- The Organ Thieves perform at the Horseshoe Tavern in October 2009

Background information
- Origin: Toronto, Ontario, Canada
- Genres: Hard rock, southern rock, reggae
- Years active: 2008–2013, 2018
- Label: MapleMusic
- Spinoff of: Brown Brigade
- Members: Chuck Coles Dave Baksh Mike Smith Theo McKibbon
- Past members: Matt Worobec John Owens Ben Davies

= Organ Thieves =

Canadian band

Organ Thieves is a southern and soul-influenced experimental hard rock side project by Brown Brigade guitarists Chuck Coles and Dave Baksh, formed by Coles in mid-2008. It has since become their main project.

== History ==
=== Formation and God's Favorite Sons (2008–2009) ===
According to Dave Baksh the band "started when guitarist Chuck Coles was getting kind of antsy in Brown Brigade in that he wanted to write – he's a natural songwriter. So one day we were set to play a benefit show in Kitchener/Waterloo but Chuck had already booked an Organ Thieves show, and this is at the time when he was using another drummer other than Johnny [Chuck's former Cauterize co-member Matt Worobec]. Basically I hadn't even seen the band and they asked me to play a Labour Day show with them. After about two weeks of practice me and the drummer at the time, Matt Worobec, had gotten together and played this show. The lineup would have been Ben Davies, Mike Smith, Matt Worobec, Chuck Coles and myself. We pretty much played naked to a bunch of people at a cottage; it was fun." Dave also stated that he joined the band due to the different members and their musical tastes who all influenced the band's unique musical style, which was very different from what Dave used to play in Brown Brigade and Sum 41. Soon, drummer Matt Worobec had to quit the band due to other commitments and was replaced temporarily by Brown Brigade drummer Johnny Owens.

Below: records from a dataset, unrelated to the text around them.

(* Let $T_{abc}$ be the torsion tensor of a 4-dimensional teleparallel geometry, decomposed as $T_{abc}=\tfrac23(t_{abc}-t_{acb})-\tfrac13(g_{ab}V_c-g_{ac}V_b)+\epsilon_{abcd}A^d$ into its vector part $V_a=T^b{}_{ba}$, axial part $A^a=\tfrac16\epsilon^{abcd}T_{bcd}$ and purely tensor part $t_{(ab)c}=\tfrac12(T_{abc}+T_{bac})-\tfrac16(g_{ca}V_b+g_{cb}V_a)+\tfrac13 g_{ab}V_c$. Then $T_{abc}$ is of alignment type II or more special if and only if, relative to a common null coframe, (i) the purely tensor part $t_{(ab)c}$ is of alignment type II, III, N or O, and (ii) the vector part $V$ and the axial part $A$ are each of alignment type II, III or O.
   Context: A teleparallel geometry is a 4-dimensional manifold with a coframe $\{\mathbf h^a\}$, metric $g=\eta_{ab}\mathbf h^a\otimes\mathbf h^b$ of Lorentzian signature, and a flat metric-compatible spin connection $\omega^a{}_b$; the torsion is $T^a{}_{\mu\nu}=\partial_\mu h^a{}_\nu-\partial_\nu h^a{}_\mu+\omega^a{}_{b\mu}h^b{}_\nu-\omega^a{}_{b\nu}h^b{}_\mu$, with frame indices lowered by $\eta_{ab}$; $\epsilon_{abcd}$ is the volume form. A complex null coframe is $\{\mathbf h^1,\mathbf h^2,\mathbf h^3,\mathbf h^4\}=\{\mathbf n,\boldsymbol\ell,\bar{\mathbf m},\mathbf m\}$ with $\eta_{12}=\eta_{21}=-1$, $\eta_{34}=\eta_{43}=1$, other $\eta_{ab}=0$. The boost weight of a covariant frame component $T_{a_1\dots a_r}$ is the number of indices equal to $1$ minus the number equal to $2$. Relative to a given null coframe, a nonzero tensor is of alignment type II or more special if all its components of positive boost weight vanish, of type III or more special if all components of boost weight $\ge0$ vanish, of type N if all components of boost weight $\ge -1$ vanish, and of type O if it vanishes; a tensor is of a given type if such a null coframe exists. *)

From HB Require Import structures.
From mathcomp Require Import all_boot all_order all_algebra.
From mathcomp Require Import complex.
Set Implicit Arguments. Unset Strict Implicit. Unset Printing Implicit Defensive.
Import Order.TTheory GRing.Theory Num.Theory.
Local Open Scope ring_scope.

Section TP.
Variable R : rcfType.

Definition toC (x : R) : R[i] := Complex x 0.

(* coordinate components of tensors at a point (indices mu,nu,... : 'I_4) *)
Definition tensor3 := 'I_4 -> 'I_4 -> 'I_4 -> R.
Definition covec := 'I_4 -> R.

Definition minkowski : 'M[R]_4 :=
  \matrix_(i, j) (if i == j then (if i == 0 then -1 else 1) else 0).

In January 2009, the band entered The Boom Cave, a recording studio in Oshawa, Ontario, owned by Chuck's former Cauterize bandmates Jesse Smith and Jason Bone, to record the band's first EP. The EP, entitled God's Favorite Sons was co-produced by the band, Jesse Smith and Jason Bone, and self-released by the band in March 2009, sold only at their live shows, as well as few local shops around the Ontario area.

The band started playing live shows, playing original songs as well as a lot of punk covers from The Clash and Misfits, which were sung live by guitarist Ben Davies. Not long after, drummer Matt Worobec also returned to the band. In late 2009, Ben Davies left the band, leaving Chuck and Dave the only guitarists.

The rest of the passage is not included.